Going through my Spotify history
I take a look at my streaming history, big data style.
Premise
I am a giant music nerd and recently I am going through a reminiscing nostalgic trip. I want to know what I used to listen. I found out that Spotify allows you to request a copy of your extended streaming history.
(It is impossible to know my listening history before Spotify. 8 year old me relied on family for music and 12 year old me used to play music on YouTube and Google Music (RIP). I requested a copy of my YouTube data using takeout but none of them are useful (they only preserve 1 year of history it seems.))
The data
The data came in a zip file. Inside is a README PDF that contains descriptions of the columns. The actual dataset spans through multiple JSON files, each around 12.8MB big.
An example of a data point may look like this:
[
{
"ts": "2020-04-11T00:27:53Z",
"platform": "iOS 13.4 (iPhone11,8)",
"ms_played": 174674,
"conn_country": "SG",
"ip_addr": "203.0.113.x",
"master_metadata_track_name": "Jack To The Future (feat. Russoul)",
"master_metadata_album_artist_name": "Alex Metric",
"master_metadata_album_album_name": "Jack To The Future (feat. Russoul)",
"spotify_track_uri": "spotify:track:74cksX4vgcm0cHKaV7XE2L",
"episode_name": null,
"episode_show_name": null,
"spotify_episode_uri": null,
"audiobook_title": null,
"audiobook_uri": null,
"audiobook_chapter_uri": null,
"audiobook_chapter_title": null,
"reason_start": "trackdone",
"reason_end": "trackdone",
"shuffle": false,
"skipped": false,
"offline": false,
"offline_timestamp": null,
"incognito_mode": false
},
// ...
]A few interesting things:
- The IP address can be IPv4 and IPv6. A potential normalisation might be using IPv6's IPv4-Mapped address prefix like
::ffff:1.2.3.4. The database may already have types to deal with IP addresses though. - The IP address may get anonymised at the Spotify side. The last 8-bit of the subnet is replaced with a
x.- You can still tell which ISP you were on by using
bgp.he.net.
- You can still tell which ISP you were on by using
- Spotify is being smart and gave us the album artist's name. Makes sense because there could be a featuring artist on the track, or it could be a compilation album.
"Quack"
Even though it is being given to me in JSON, this looks like tabular data to me. The only reasonable move is to put it into a database and query it instead of using grep.

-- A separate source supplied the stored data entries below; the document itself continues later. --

Lemma subcent1_norm_coset_center z g : z \in G -> g \in G ->
  commute (coset 'Z(G) z) (coset 'Z(G) g) -> g \in 'N('C_G[z]).
Proof.
move=> zG gG /(commg_coset_center zG gG) cZ; apply/normP.
have /centerP[_ /(_ z zG) czc] := cZ.
by rewrite conjIg -cent1J (conjGid gG) conjg_mulR -czc subcent1_centerM.
Qed.

Definition cent_fiber x := [set y in G | 'C_G[y] == 'C_G[x]].

Lemma cent_fiber_subD x : x \in G :\: 'Z(G) -> cent_fiber x \subset G :\: 'Z(G).
Proof.
case/setDP=> xG xZ; apply/subsetP=> y /setIdP[yG /eqP eqCyx].
by rewrite inE yG andbT mem_center_subcent1 // eqCyx -mem_center_subcent1.
Qed.

Lemma induced_nc_degE x : x \in G :\: 'Z(G) ->
  induced_nc_deg G x = #|G :\: 'Z(G)| - #|cent_fiber x|.
Proof.
move=> xGZ; rewrite /induced_nc_deg -(setIidPr (cent_fiber_subD xGZ)) -cardsD.
apply: eq_card => y; rewrite !inE /nc_adj; case: (y \in G); rewrite ?andbF //=.
by case: eqVneq => [-> | _]; rewrite ?eqxx ?andbF //= !andbT andbC [_ == 'C_G[y]]eq_sym.
Qed.

Lemma induced_regular_card_cent_fiber : induced_regular G ->
  {in G :\: 'Z(G) &, forall x y, #|cent_fiber x| = #|cent_fiber y|}.
Proof.
move=> regG x y xGZ yGZ; have := regG x y xGZ yGZ; rewrite !induced_nc_degE //.
have := subset_leq_card (cent_fiber_subD xGZ).
have := subset_leq_card (cent_fiber_subD yGZ).
lia.
Qed.

Lemma card_cent_fiber_partition (S : {set gT}) k : S \subset G ->
  {in S, forall y, cent_fiber y \subset S /\ #|cent_fiber y| = k} ->
  #|S| = (#|[set 'C_G[y] | y in S]| * k)%N.
Proof.
move=> sSG fibS; rewrite -sum1_card (partition_big_imset (fun y => 'C_G[y])) /=.
rewrite -sum_nat_const; apply: eq_bigr => _ /imsetP[y yS ->].
have [/setIidPr <- <-] := fibS y yS; rewrite -sum1_card; apply: eq_bigl => z.
by rewrite !inE; case zS: (z \in S); rewrite /= ?andbT ?andbF // (subsetP sSG z zS).
Qed.

Definition maxcent w := (w \in G :\: 'Z(G)) &&
  [forall y in G :\: 'Z(G), ('C_G[w] \subset 'C_G[y]) ==> ('C_G[y] \subset 'C_G[w])].

Lemma maxcent_subD w : maxcent w -> w \in G :\: 'Z(G).
Proof. by case/andP. Qed.

Lemma maxcent_sub_eq w y : maxcent w -> y \in G :\: 'Z(G) ->
  'C_G[w] \subset 'C_G[y] -> 'C_G[y] = 'C_G[w].
Proof.
case/andP=> _ /forall_inP maxw yGZ sCwy; apply/eqP.
by rewrite eqEsubset sCwy (implyP (maxw y yGZ)).
Qed.

Lemma maxcent_cent_eq w y : maxcent w -> y \in G :\: 'Z(G) ->
  'C_G[y] = 'C_G[w] -> maxcent y.
Proof. by case/andP=> _ maxw yGZ eqCyw; rewrite /maxcent yGZ eqCyw. Qed.
Lemma lc_term_ind (P : term -> Prop) :
  (forall x, P (fvar x)) ->
  (forall a b, lc a -> lc b -> P a -> P b -> P (app a b)) ->
  (forall a, lc (lam a) -> (forall y, P (open a (fvar y))) -> P (lam a)) ->
  forall t, lc t -> P t.
Proof.
move=> Hvar Happ Hlam t; move: (leqnn (tsize t)); move: {2}(tsize t) => n.
elim: n t => [|n IH] [i|x|a b|a] /= Hsize Ht //.
- case/andP: Ht => Ha Hb; apply: Happ => //; apply: IH => //; lia.
- apply: Hlam => // y; apply: IH; last exact: closed_at_open.
  by rewrite tsize_open_var; lia.
Qed.

(** * Beta-reduction and normal forms *)

Lemma beta_lc M N : beta M N -> lc M /\ lc N.
Proof.
elim=> {M N} [M N HM HN|M M' N _ [HM HM'] HN|M N N' HM _ [HN HN']|L M M' _ IH].
- by split; [apply/andP | apply: closed_at_open].
- by split; apply/andP.
- by split; apply/andP.
- have [HM HM'] := IH _ (fresh_notin L).
  by split; apply: closed_at_open_inv; [exact: HM | exact: HM'].
Qed.

Lemma beta_subst M M' x u : lc u -> beta M M' -> beta (subst x u M) (subst x u M').
Proof.
move=> Hu; elim=> {M M'} [M N HM HN|M M' N _ IH HN|M N N' HM _ IH|L M M' _ IH] /=.
- rewrite /open subst_open_rec //.
  by apply: beta_red; apply: closed_at_subst.
- by apply: beta_appl => //; apply: closed_at_subst.
- by apply: beta_appr => //; apply: closed_at_subst.
- apply: (@beta_lam (x :: L)) => y; rewrite inE negb_or => /andP[Hyx HyL].
  by rewrite !subst_open_var //; apply: IH.
Qed.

For the data size (around 640k rows), I could have also just used SQLite with a CLI but it really isn't suitable for analytic workloads, especially if I am enriching the data with more metadata from Spotify later, the joins alone in SQLite would slow down the queries a lot.
At $work we use ClickHouse for large scale data analysis. I am very much used to ClickHouse SQL syntax. But if this is a personal project, why not use this opportunity to learn a new technology?
I turned to DuckDB as I want a database that's as easy to use as SQLite but can handle the data I gave it.
I ingested the data into DuckDB with a tiny bit of normalisation around the IP addresses and I skipped all the audiobook stuff because I never used it, as well as the podcast stuff.
File size
| Format | Size (MB) |
|---|---|
| JSON | 513 |
| DuckDB | 38 |
| Arrow | 53.2 |
| Parquet | 34.1 |
Even with compression, my dataset still weighs 34.1MB. I did some optimisation such as decoding the spotify track URI's base62 ID component into blobs and store the blobs, and normalisations like storing tracks in a different table and create a view to join the history table with the track table back together. This took the file size down to 21.8MB. I guess I can further normalise by having the user agent in a different table / enum, storing reason_start and reason_end as enums, but that's an exercise for later.
Excerpt on what I found
select
distinct artist_name,
count() as count
FROM spotify_history_view
WHERE ts between '2020-01-01' and '2026-04-01'
GROUP BY artist_name
ORDER BY count desc
limit 10;My top 10 artists between 2020 and now are
- deadmau5,
- Flume,
- Skrillex,
- Bring Me The Horizon,
- Lana Del Rey,
- London Grammar,
- Kendrick Lamar,
- Radiohead,
- ODESZA, and
- The Prodigy.
Not surprising. But when did I actually start listening to them?
with top_artists AS (
select
distinct artist_name,
count() as count,
FROM spotify_history_view
WHERE timestamp between '2020-01-01' and '2026-04-01'
GROUP BY artist_name
ORDER BY count desc
limit 10
)
SELECT
artist_name, min(timestamp)
from spotify_history_view
JOIN top_artists
using (artist_name)
group by artist_name;| artist_name | min("timestamp") |
|---|---|
| Lana Del Rey | 2014-03-17 06:44:11 |
| The Prodigy | 2014-12-20 14:24:23 |
| Bring Me The Horizon | 2015-02-14 14:45:11 |
| London Grammar | 2014-03-17 20:19:13 |
| deadmau5 | 2014-04-14 21:42:46 |
| Flume | 2015-01-11 02:35:49 |
| ODESZA | 2014-12-30 01:52:43 |
| Radiohead | 2014-05-13 21:03:06 |
| Kendrick Lamar | 2015-01-17 23:39:01 |
| Skrillex | 2014-04-12 12:04:00 |
Exciting. I have been listening to these artists for more than 10 years.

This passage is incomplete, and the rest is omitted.